This article is part of the Stata for Students series. If you are new to Stata we strongly recommend reading all the articles in the Stata Basics section.
Proportion tests allow you to test hypotheses about proportions in a population, such as the proportion of the population that is female or the proportion that answers a question in a given way. Conceptually they are very similar to t-tests. The command to run one is simply prtest, but the syntax will depend on the hypothesis you want to test. In this section we'll discuss the following types of tests:
The Proportion in the Population is Equal to Some Specified Value
One type of hypothesis simply asks whether the population proportion of a variable is equal to some particular value of interest.
The Population Proportions for Two Variables are the Same
Another type of hypothesis looks at whether two variables have the same proportions.
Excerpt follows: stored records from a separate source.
(* For every skew shape $\lambda/\mu$ and every $k$, there is a double weight preserving bijection from the set of primed tableaux of shape $\lambda/\mu$ over $X'_k$ to the set of signed tableaux of shape $\lambda/\mu$ over $\bar X_k$.
   Context: A primed tableau of shape $\lambda/\mu$ over $X'_k=\{1'<1<2'<2<\dots<k'<k\}$ is a filling of the skew diagram with rows and columns weakly increasing, at most one $i'$ in each row and at most one $i$ in each column for every $i$; its double weight is $(X,Y)$ where $X(i)$ is the number of entries $i'$ and $Y(i)$ the number of entries $i$. A signed tableau of shape $\lambda/\mu$ over $\bar X_k=\{\bar k<\dots<\bar1<1<\dots<k\}$ is a filling with rows and columns weakly increasing, at most one $\bar i$ in each row and at most one $i$ in each column for every $i$; its double weight is $(X,Y)$ where $X(i)$ is the number of entries $\bar i$ and $Y(i)$ the number of entries $i$. *)

From mathcomp Require Import all_boot.
 Unset Strict Implicit. Unset Printing Implicit Defensive.

Definition is_partition (l : seq nat) : bool :=
  sorted geq l && all (fun x => 0 < x) l.

Definition subpart (mu lam : seq nat) : bool :=
  all (fun i => nth 0 mu i <= nth 0 lam i) (iota 0 (size mu)).

(* Cells of lam/mu: (i,j) (row i, column j, 0-based) with mu_i <= j < lam_i.
   Every such cell has i < size lam and j < lam_0. *)
Definition in_skew (lam mu : seq nat) (c : 'I_(size lam) * 'I_(nth 0 lam 0)) : bool :=
  (nth 0 mu c.1 <= c.2) && (c.2 < nth 0 lam c.1).

Definition cell (lam mu : seq nat) := {c : 'I_(size lam) * 'I_(nth 0 lam 0) | in_skew lam mu c}.


Definition row {lam mu : seq nat} (c : cell lam mu) : nat := (val c).1.
Definition col {lam mu : seq nat} (c : cell lam mu) : nat := (val c).2.

(* Letters: (i, b) with i : 'I_k standing for the integer i+1.
   b = false : the marked letter  ((i+1)' in X'_k,  \bar{i+1} in \bar X_k);
   b = true  : the unmarked letter (i+1). *)
Definition letter (k : nat) := ('I_k * bool)%type.

(* Position of a letter in the total order of X'_k = {1' < 1 < 2' < 2 < ... < k' < k}. *)
Definition primed_key (k : nat) (l : letter k) : nat := 2 * l.1 + l.2.

(* Position of a letter in \bar X_k = {\bar k < ... < \bar 1 < 1 < ... < k}. *)
Definition signed_key (k : nat) (l : letter k) : nat :=
  if l.2 then k + l.1 else k - l.1.+1.

Definition filling (lam mu : seq nat) (k : nat) := {ffun cell lam mu -> letter k}.

Definition is_tableau {lam mu : seq nat} {k : nat} (key : letter k -> nat)
  (t : filling lam mu k) : bool :=
  [forall c1 : cell lam mu, forall c2 : cell lam mu,
    [&& ((row c1 == row c2) && (col c1 <= col c2)) ==> (key (t c1) <= key (t c2)),
        ((col c1 == col c2) && (row c1 <= row c2)) ==> (key (t c1) <= key (t c2)),
        [&& c1 != c2, row c1 == row c2 & t c1 == t c2] ==> (t c1).2
      & [&& c1 != c2, col c1 == col c2 & t c1 == t c2] ==> ~~ (t c1).2]].

Definition primed_tab (lam mu : seq nat) (k : nat) :=
  {t : filling lam mu k | is_tableau (@primed_key k) t}.

Definition signed_tab (lam mu : seq nat) (k : nat) :=
  {t : filling lam mu k | is_tableau (@signed_key k) t}.

Definition dweight {lam mu : seq nat} {k : nat} (t : filling lam mu k) : {ffun 'I_k -> nat * nat} :=
  [ffun i => (#|[pred c | t c == (i, false)]|, #|[pred c | t c == (i, true)]|)].

From mathcomp Require Import all_boot zify.
Set Implicit Arguments. Unset Strict Implicit. Unset Printing Implicit Defensive.
Theorem theorem6p1 (R : realType) (S : topologicalType) (mul : S -> S -> S)
  (e : S) (hS : topological_semigroup mul) (he : open_right_unit mul e)
  (U : set S) (hUo : open U) (hUe : U e) :
  exists d : S -> S -> R,
    (premetric d /\ (forall x y : S, 0 <= d x y <= 1)) /\
    [/\ (* (1) *)
        dreg d = dsemireg d /\ (forall x y : S, dreg d x y <= d x y),
        (* (2) *)
        [/\ left_subinvariant mul d, dist_continuous d,
            quasi_pseudometric d & has_open_balls d],
        (* (3) *)
        [/\ left_subinvariant mul (dreg d), pm_right_continuous (dreg d),
            dist_continuous (dreg d) & quasi_pseudometric (dreg d)],
        (* (4) *)
        (forall x : S, (dball d x 1 `<=` lmul mul x U) /\
                   (dball (dreg d) x 1 `<=` interior (closure (lmul mul x U))))
      & (* (5) *)
        (balanced_point mul e ->
           subinvariant mul d /\ subinvariant mul (dreg d))].
Proof.
have [mulA mul_cont] := hS; have [mulx1 open_unit] := he.
have [V [nbhs_V V_cube V0U V_bal]] :=
  exists_nbhs_seq mul_cont mulx1 (open_nbhs_nbhs (conj hUo hUe)).
pose d := chain_dist (R := R) mul V.
have d_qpm : quasi_pseudometric d := chain_dist_quasi_pseudometric mul V.
have [[d_ge0 d_refl] d_triangle] := d_qpm.
have d_le1 : forall x y, d x y <= 1 := chain_dist_le1 mul V.
have nbhs_dball : forall x r, 0 < r -> nbhs x (dball d x r).
  by move=> x r; apply: nbhs_chain_dball.
have near_dball : forall y w r, d y w < r -> forall N, nbhs w N ->
    \forall z \near y, exists2 z', N z' & d z z' < r.
  by move=> y w r; apply: chain_dist_near.
have d_left : left_subinvariant mul d := chain_dist_left_subinvariant mulA V.
have dreg_left : left_subinvariant mul (dreg d).
  by move=> x y z; apply: dreg_contract => //; exact: mull_continuous.
have d_ball x : dball d x 1 `<=` lmul mul x U by exact: chain_dball_subset.
exists d; split; first by split => // x y; rewrite d_ge0 d_le1.
split => //.
- by split; [exact: dreg_dsemireg|move=> x y; exact: dreg_le].
- by split => //; [exact: dbar_continuous|exact: dball_open].
- by split => //; [exact: dreg_right_continuous|exact: dreg_dist_continuous
                  |exact: dreg_quasi_pseudometric].
- by move=> x; split => //; apply: dball_dreg_subset.
move=> bal.
have d_right : right_subinvariant mul d := chain_dist_right_subinvariant mulA (V_bal bal).
split; split => // x y z.
by apply: (@dreg_contract _ _ d d_le1 (mul^~ z)) => //; exact: mulr_continuous.
Qed.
The Population Proportions for Two Subsamples are the Same
The final type of hypothesis we'll consider is whether two groups have the same proportions for a single variable.
For all these tests we've described the null hypothesis. Usually the null hypothesis is the opposite of what you're really interested in. For example, if you're investigating differences between men and women in the proportion that have earned a bachelor's degree, your null hypothesis will usually be that the proportions are the same. Your alternative hypothesis could then be one of the following: that the proportion of women with a bachelor's degree is higher than the proportion of men with a bachelor's degree, that the proportion of women with a bachelor's degree is different than the proportion of men with a bachelor's degree, or the proportion of women with a bachelor's degree is lower than the proportion of men with a bachelor's degree.
Stata will report results for all three alternative hypotheses, but you should choose which one you're interested in ahead of time. Looking at the results and then picking the alternative hypothesis that matches what you'd like to see will increase the probability of drawing the wrong conclusion from the test.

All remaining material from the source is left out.